Weight multiplication is the most frequent operation in a neural network. Fortunately, by virtue of our exponential quantization, affine transformations for all layers in the network can be implemented by right-shift operations, which remains the same in Q15 format. The summation of all transformed inputs can exceed 16 bits and is thus accumulated in a 32 bit register. However, since the activation function is bounded by [-1,1), the output of the recurrent node remains a 16-bit Q15 number which can then be fed into yet another node. From simulations, we discovered that all inputs to an eGRU network will flow through the entire model in Q15 format and result in an output that is precise to at least 2 decimal places compared to those from an equivalent full precision (floating point) network.

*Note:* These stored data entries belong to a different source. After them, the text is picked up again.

(* Let $\langle A,\to\rangle$ be a conditional algebra. The correspondence $B\mapsto E_B$ is a dual lattice isomorphism between the lattice of domains of subalgebras of $\langle A,\to\rangle$ (Boolean subalgebras of $A$ closed under $\to$) and the lattice of C-equivalences of the expanded Stone space $\langle\mathrm{Ul}(A),\tau_s,T_A\rangle$.
   Context: A conditional algebra is $\langle A,\to\rangle$ with $A$ a Boolean algebra and $\to$ binary with $a\to1=1$, $(a\to b)\wedge(a\to c)=a\to(b\wedge c)$, $(a\vee b)\to c\le(a\to c)\wedge(b\to c)$. $\mathrm{Ul}(A)$ is the Stone space of ultrafilters; closed sets are the sets $\varphi(F)=\{u:F\subseteq u\}$ for filters $F$ (the improper filter $A$ included). $D^{\to}_u(F)=\{b:\exists a\in F,\ a\to b\in u\}$; $T_A(u,Z,v)$ iff there is a filter $F$ with $Z=\varphi(F)$ and $D^{\to}_u(F)\subseteq v$. $E_B=\{(u,v): u\cap B=v\cap B\}$. For an equivalence $E$ and closed $Y,C$: $Y\preceq_E C$ iff every $y\in Y$ is $E$-related to some $x\in C$. $E$ is a C-equivalence if it is a Boolean equivalence (for each $(x,y)\notin E$ there is a clopen $E$-closed set containing $x$ but not $y$) and whenever $E(x,y)$ and $T_A(x,Y,x')$ with $Y$ closed, there are $y'$ with $E(x',y')$ and closed $C$ with $T_A(y,C,y')$ and $C\preceq_E Y$. *)

(* Boolean algebras are ctbDistrLatticeType (complemented
   distributive lattices with top and bottom). *)
From mathcomp Require Import all_boot all_order.
Set Implicit Arguments. Unset Strict Implicit. Unset Printing Implicit Defensive.
Import Order.Theory.
Local Open Scope order_scope.

Section CondAlg.
Context {d : Order.disp_t} {A : ctbDistrLatticeType d}.

Definition cond_alg (imp : A -> A -> A) : Prop :=
  (forall a, imp a \top = \top) /\
  (forall a b c, imp a b `&` imp a c = imp a (b `&` c)) /\
  (forall a b c, imp (a `|` b) c <= imp a c `&` imp b c).

Definition is_filter (F : A -> Prop) : Prop :=
  F \top /\ (forall a b, F a -> a <= b -> F b) /\
  (forall a b, F a -> F b -> F (a `&` b)).

Definition proper_filter (F : A -> Prop) : Prop := is_filter F /\ ~ F \bot.

Definition ultrafilter (u : A -> Prop) : Prop :=
  proper_filter u /\
  (forall G, proper_filter G -> (forall a, u a -> G a) -> forall a, G a -> u a).

Definition Ul : Type := {u : A -> Prop | ultrafilter u}.
(* Let $n\ge 4$, $N=\{1,\dots,n\}$, fix distinct $i_1,i_2\in N$ and let $\hat N^c=N\setminus\{i_1,i_2\}$. Then the inequality $$\sum_{j\in\hat N^c}\left(x_{i_1j}+x_{ji_1}+x_{ji_2}\right)-x_{i_1i_2}-\sum_{j,j'\in\hat N^c:\,j\ne j'} x_{jj'}\le 3-\frac{(n-4)(n-5)}{2}$$ is a valid inequality for the weak order polytope $P^n_{WO}$, i.e. it holds for every point $x\in P^n_{WO}$.
   Context: Let $N=\{1,\dots,n\}$ and $A_N=\{(i,j): i,j\in N, i\ne j\}$. A weak order on $N$ is a binary relation $W\subseteq N\times N$ that is reflexive, transitive and total; $(i,j)\in W$ is read ''$i$ is preferred over or tied with $j$''. The characteristic vector of $W$ is $x^W\in\{0,1\}^{A_N}$ with $x^W_{(i,j)}=1$ if $(i,j)\in W$ and $0$ otherwise. The weak order polytope $P^n_{WO}$ is the convex hull of the characteristic vectors of all weak orders on $N$; its points are vectors $x\in\mathbb{R}^{A_N}$ and $x_{ij}$ denotes the coordinate $x_{(i,j)}$. *)

From mathcomp Require Import all_boot all_order all_algebra.
Set Implicit Arguments. Unset Strict Implicit. Unset Printing Implicit Defensive.
Import Order.TTheory GRing.Theory Num.Theory.
Local Open Scope ring_scope.

(* N = {1,...,n} is represented by 'I_n = {0,...,n-1}. *)

Definition weak_order (n : nat) (W : rel 'I_n) : Prop :=
  reflexive W /\ transitive W /\ total W.

(* Points of R^{A_N} are represented as functions x : 'I_n -> 'I_n -> R;
   only the off-diagonal entries x i j (i != j) are coordinates.
   x lies in the weak order polytope P^n_WO iff it is a convex combination
   of characteristic vectors of weak orders (on the coordinates in A_N). *)
Definition in_weak_order_polytope (R : realFieldType) (n : nat)
    (x : 'I_n -> 'I_n -> R) : Prop :=
  exists (k : nat) (lam : 'I_k -> R) (Ws : 'I_k -> rel 'I_n),
    (forall t, weak_order (Ws t)) /\
    (forall t, 0 <= lam t) /\
    (\sum_(t < k) lam t = 1) /\
    (forall i j : 'I_n, i != j -> x i j = \sum_(t < k) lam t * (Ws t i j)%:R).

(** A linear inequality is valid on a polytope as soon as it holds at the vertices,
    so it suffices to check it at the characteristic vector of a weak order [W].
    Let [m = n - 2] and let [T] be the set of [j] outside [{i1, i2}] that are tied
    with [i1] and weakly preferred to [i2], [t = #|T|].  Each [j] contributes at
    most [2 + [j \in T]] to the first sum.  Every unordered pair [{j, j'}] outside
    [{i1, i2}] contributes at least [1] to the double sum, by totality, and pairs
    inside [T] contribute [2], by transitivity through [i1]; so the double sum is at
    least [C(m,2) + C(t,2)].  If [t > 0] then [i1] is weakly preferred to [i2].  As
    [3 - (n-4)(n-5)/2 = 2m - C(m,2)], what is left is [t - [t > 0] <= C(t,2)]. *)

From mathcomp Require Import all_boot all_order all_algebra.
From mathcomp Require Import zify lra.
Set Implicit Arguments. Unset Strict Implicit. Unset Printing Implicit Defensive.
Import Order.TTheory GRing.Theory Num.Theory.
Local Open Scope ring_scope.

Section OffdiagLinear.
Variables (R : realFieldType) (n : nat).

Definition offdiag_linear (F : ('I_n -> 'I_n -> R) -> R) : Prop :=
  forall k (lam : 'I_k -> R) (y : 'I_k -> 'I_n -> 'I_n -> R) (x : 'I_n -> 'I_n -> R),
    (forall i j, i != j -> x i j = \sum_(t < k) lam t * y t i j) ->
    F x = \sum_(t < k) lam t * F (y t).

Lemma offdiag_linear_coord (i j : 'I_n) : i != j -> offdiag_linear (fun x => x i j).
Proof. by move=> ij k lam y x Hx; apply: Hx. Qed.

Lemma offdiag_linearD (F G : ('I_n -> 'I_n -> R) -> R) :
  offdiag_linear F -> offdiag_linear G -> offdiag_linear (fun x => F x + G x).
Proof.
move=> linF linG k lam y x Hx; rewrite (linF _ _ _ _ Hx) (linG _ _ _ _ Hx) -big_split.
by apply: eq_bigr => t _; rewrite mulrDr.
Qed.

Lemma offdiag_linearB (F G : ('I_n -> 'I_n -> R) -> R) :
  offdiag_linear F -> offdiag_linear G -> offdiag_linear (fun x => F x - G x).
Proof.
move=> linF linG k lam y x Hx; rewrite (linF _ _ _ _ Hx) (linG _ _ _ _ Hx) -sumrB.
by apply: eq_bigr => t _; rewrite mulrBr.
Qed.

Lemma offdiag_linear_sum (I : finType) (P : pred I) (F : I -> ('I_n -> 'I_n -> R) -> R) :
  (forall a, P a -> offdiag_linear (F a)) ->
  offdiag_linear (fun x => \sum_(a | P a) F a x).
Proof.
move=> linF k lam y x Hx; rewrite (eq_bigr _ (fun a Pa => linF a Pa _ _ _ _ Hx)).
by rewrite exchange_big; apply: eq_bigr => t _; rewrite mulr_sumr.
Qed.

Lemma valid_on_weak_order_polytope (F : ('I_n -> 'I_n -> R) -> R) (b : R) x :
  offdiag_linear F ->
  (forall W : rel 'I_n, weak_order W -> F (fun i j => (W i j)%:R) <= b) ->
  in_weak_order_polytope x -> F x <= b.
Proof.
move=> linF Fvert [k [lam [Ws [Wwo [lam_ge0 [lam_sum1 Hx]]]]]].
rewrite (linF _ _ _ _ Hx); apply: le_trans (_ : \sum_(t < k) lam t * b <= b).
  by apply: ler_sum => t _; apply: ler_wpM2l; [apply: lam_ge0 | apply: Fvert].
by rewrite -mulr_suml lam_sum1 mul1r.
Qed.

End OffdiagLinear.

Definition wo_ineq_lhs (R : realFieldType) (n : nat) (i1 i2 : 'I_n)
    (x : 'I_n -> 'I_n -> R) : R :=
  \sum_(j : 'I_n | (j != i1) && (j != i2)) (x i1 j + x j i1 + x j i2)
    - x i1 i2
    - \sum_(j : 'I_n | (j != i1) && (j != i2))
        \sum_(j' : 'I_n | [&& j' != i1, j' != i2 & j' != j]) x j j'.

Lemma wo_ineq_lhs_offdiag_linear (R : realFieldType) (n : nat) (i1 i2 : 'I_n) :
  i1 != i2 -> offdiag_linear (@wo_ineq_lhs R n i1 i2).
Proof.
move=> i12; apply: offdiag_linearB; first apply: offdiag_linearB.
- apply: offdiag_linear_sum => j /andP[ji1 ji2].
  by apply: offdiag_linearD; [apply: offdiag_linearD|];
    apply: offdiag_linear_coord; rewrite // eq_sym.
- exact: offdiag_linear_coord.
- apply: offdiag_linear_sum => j _; apply: offdiag_linear_sum => j' /and3P[_ _ j'j].
  by apply: offdiag_linear_coord; rewrite eq_sym.
Qed.

Section TotalRelationPairs.
Variables (T : finType) (W : rel T).
Hypothesis W_total : total W.

Lemma sum_indicator (A B : {pred T}) :
  {subset B <= A} -> (\sum_(j in A) (j \in B) = #|B|)%N.
Proof.
move=> BA; rewrite -big_mkcondr /= -sum1_card.
by apply: eq_bigl => j; case: (boolP (j \in B)) => [/BA -> | _]; rewrite ?andbF.
Qed.

(* [C(#|A|,2) + C(#|B|,2) <=] the double sum, without division: by totality each
   unordered pair in [A] counts at least once, and each pair inside [B] twice. *)
Lemma offdiag_pairs_lower_bound (A B : {pred T}) :
  {subset B <= A} -> {in B &, forall j j', W j j'} ->
  (#|A| * #|A| + #|B| * #|B|
     <= 2 * \sum_(j in A) \sum_(j' in A | j' != j) W j j' + #|A| + #|B|)%N.
Proof.
move=> BA WB.
pose g j j' := (1 + ((j \in B) && (j' \in B)))%N.
have sym : (2 * \sum_(j in A) \sum_(j' in A | j' != j) W j j'
            = \sum_(j in A) \sum_(j' in A | j' != j) (W j j' + W j' j))%N.
  rewrite mul2n -addnn [in RHS](eq_bigr _ (fun j _ => big_split _ _ _ _ _)) big_split /=.
  congr (_ + _)%N; rewrite (exchange_big_dep (mem A)) /=; last by move=> j j' _ /andP[].
  by apply: eq_bigr => j Aj; apply: eq_bigl => j'; rewrite Aj eq_sym.
have g_le : (\sum_(j in A) \sum_(j' in A | j' != j) g j j'
             <= \sum_(j in A) \sum_(j' in A | j' != j) (W j j' + W j' j))%N.
  apply: leq_sum => j _; apply: leq_sum => j' _; rewrite /g.
  case: (boolP ((j \in B) && (j' \in B))) => [/andP[Bj Bj'] | _].
    by rewrite (WB j j') // (WB j' j).
  by case: (W j j') (W j' j) (W_total j j') => [] [].
have row_g j : j \in A ->
    (\sum_(j' in A | j' != j) g j j' + g j j = #|A| + (j \in B) * #|B|)%N.
  move=> Aj; rewrite addnC -(bigD1 j Aj) big_split /= sum1_card.
  by case: (j \in B) => /=; rewrite ?mul1n ?sum_indicator // big1.
have sum_g : (\sum_(j in A) \sum_(j' in A | j' != j) g j j' + #|A| + #|B|
              = #|A| * #|A| + #|B| * #|B|)%N.
  have gjj : (\sum_(j in A) g j j = #|A| + #|B|)%N.
    rewrite (eq_bigr (fun j => 1 + (j \in B))%N) => [|j _]; last by rewrite /g andbb.
    by rewrite big_split /= sum1_card sum_indicator.
  rewrite -addnA -gjj -big_split /= (eq_bigr _ row_g) big_split /= sum_nat_const.
  by rewrite -big_distrl /= sum_indicator.
by rewrite sym -sum_g leq_add2r leq_add2r.
Qed.

End TotalRelationPairs.

Section WeakOrderVertex.
Variables (n : nat) (W : rel 'I_n) (i1 i2 : 'I_n).
Hypotheses (W_trans : transitive W) (W_total : total W).

Definition others : pred 'I_n := [pred j | (j != i1) && (j != i2)].

Definition ties_of_i1 : pred 'I_n :=
  [pred j | (j \in others) && [&& W i1 j, W j i1 & W j i2]].

Lemma card_others : i1 != i2 -> #|others| = (n - 2)%N.
Proof.
move=> i12; have := cardC (pred2 i1 i2); rewrite card2 i12 card_ord.
have -> : #|[predC pred2 i1 i2]| = #|others| by apply: eq_card => j; rewrite !inE negb_or.
lia.
Qed.

Lemma ties_of_i1_pairwise : {in ties_of_i1 &, forall j j', W j j'}.
Proof.
move=> j j' /andP[_ /and3P[_ ji1 _]] /andP[_ /and3P[i1j' _ _]].
exact: W_trans ji1 i1j'.
Qed.

Lemma ties_of_i1_pref : (0 < #|ties_of_i1|)%N -> W i1 i2.
Proof. by case/card_gt0P => j /andP[_ /and3P[i1j _ ji2]]; apply: W_trans i1j ji2. Qed.

Lemma sum_others_le :
  (\sum_(j in others) (W i1 j + W j i1 + W j i2)
     <= 2 * #|others| + #|ties_of_i1|)%N.
Proof.
apply: (@leq_trans (\sum_(j in others) (2 + (j \in ties_of_i1)))).
  apply: leq_sum => j oj; rewrite inE oj /=.
  by case: (W i1 j); case: (W j i1); case: (W j i2).
by rewrite big_split /= sum_nat_const mulnC sum_indicator // => j /andP[].
Qed.

(* Twice the inequality at the vertex [W], in [nat], with [n = #|others| + 2]. *)
Lemma wo_vertex_count :
  (2 * \sum_(j in others) (W i1 j + W j i1 + W j i2) + #|others| * #|others|
     <= 5 * #|others| + 2 * W i1 i2
        + 2 * \sum_(j in others) \sum_(j' in others | j' != j) W j j')%N.
Proof.
have pairs := offdiag_pairs_lower_bound W_total
  (fun j (tj : j \in ties_of_i1) => proj1 (andP tj)) ties_of_i1_pairwise.
have lin := sum_others_le.
have ties : (3 * #|ties_of_i1| <= 2 * W i1 i2 + #|ties_of_i1| * #|ties_of_i1|)%N.
  case: (posnP #|ties_of_i1|) => [-> // | /ties_of_i1_pref ->].
  by case: #|ties_of_i1| => [|[|t]] //; nia.
(* The hypotheses state these quantities up to convertible but syntactically
   different [mem] coercions, which [lia] would read as distinct atoms. *)
move: pairs lin ties.
move: (\sum_(j in others) \sum_(j' in others | j' != j) W j j')%N => P.
move: (\sum_(j in others) (W i1 j + W j i1 + W j i2))%N => L.
move: #|others| #|ties_of_i1| (nat_of_bool (W i1 i2)) => m t w.
lia.
Qed.

Lemma wo_ineq_vertex_le (R : realFieldType) :
  (4 <= n)%N -> i1 != i2 ->
  wo_ineq_lhs i1 i2 (fun i j => (W i j)%:R : R) <= 3 - ((n%:R - 4) * (n%:R - 5)) / 2.
Proof.
move=> n4 i12.
have lin_R : \sum_(j | (j != i1) && (j != i2)) ((W i1 j)%:R + (W j i1)%:R + (W j i2)%:R)
             = (\sum_(j in others) (W i1 j + W j i1 + W j i2))%N%:R :> R.
  by rewrite natr_sum; apply: eq_bigr => j _; rewrite !natrD.
have pairs_R : \sum_(j | (j != i1) && (j != i2))
                 \sum_(j' | [&& j' != i1, j' != i2 & j' != j]) (W j j')%:R
               = (\sum_(j in others) \sum_(j' in others | j' != j) W j j')%N%:R :> R.
  rewrite natr_sum; apply: eq_bigr => j _; rewrite natr_sum.
  by apply: eq_bigl => j'; rewrite andbA.
have := wo_vertex_count; rewrite -(ler_nat R) !(natrD, natrM) card_others //.
rewrite natrB ?(leq_trans _ n4) // /wo_ineq_lhs lin_R pairs_R => count.
lra.
Qed.

End WeakOrderVertex.

Theorem mainTheorem6 (R : realFieldType) (n : nat) (i1 i2 : 'I_n)
    (x : 'I_n -> 'I_n -> R) :
  (4 <= n)%N -> i1 != i2 ->
  in_weak_order_polytope x ->
  \sum_(j : 'I_n | (j != i1) && (j != i2)) (x i1 j + x j i1 + x j i2)
    - x i1 i2
    - \sum_(j : 'I_n | (j != i1) && (j != i2))
        \sum_(j' : 'I_n | [&& j' != i1, j' != i2 & j' != j]) x j j'
  <= 3 - ((n%:R - 4) * (n%:R - 5)) / 2.
Proof.
move=> n4 i12; rewrite -/(wo_ineq_lhs i1 i2 x).
apply: valid_on_weak_order_polytope; first exact: wo_ineq_lhs_offdiag_linear.
by move=> W [_ [W_trans W_total]]; apply: wo_ineq_vertex_le.
Qed.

An interesting modification worth mention pertains to the Q15 implementation of the softsign activation function. Inputs to activations, in the scheme described above, is a 32-bit accumulation of all transformed inputs. Since such inputs are already in 32-bit, undertaking a Q15 division would be impractical as it would require left-shifting, resulting in an overflow. One way to circumvent this is to clip the accumulated value to a certain domain to prevent overflow. We found that clipping to the domain (64,-64] resulted in a fast and accurate integer softsign approximation (see Table 3.4). A simple C++ definition of our softsign function is provided in Listing LABEL:lst:softsign.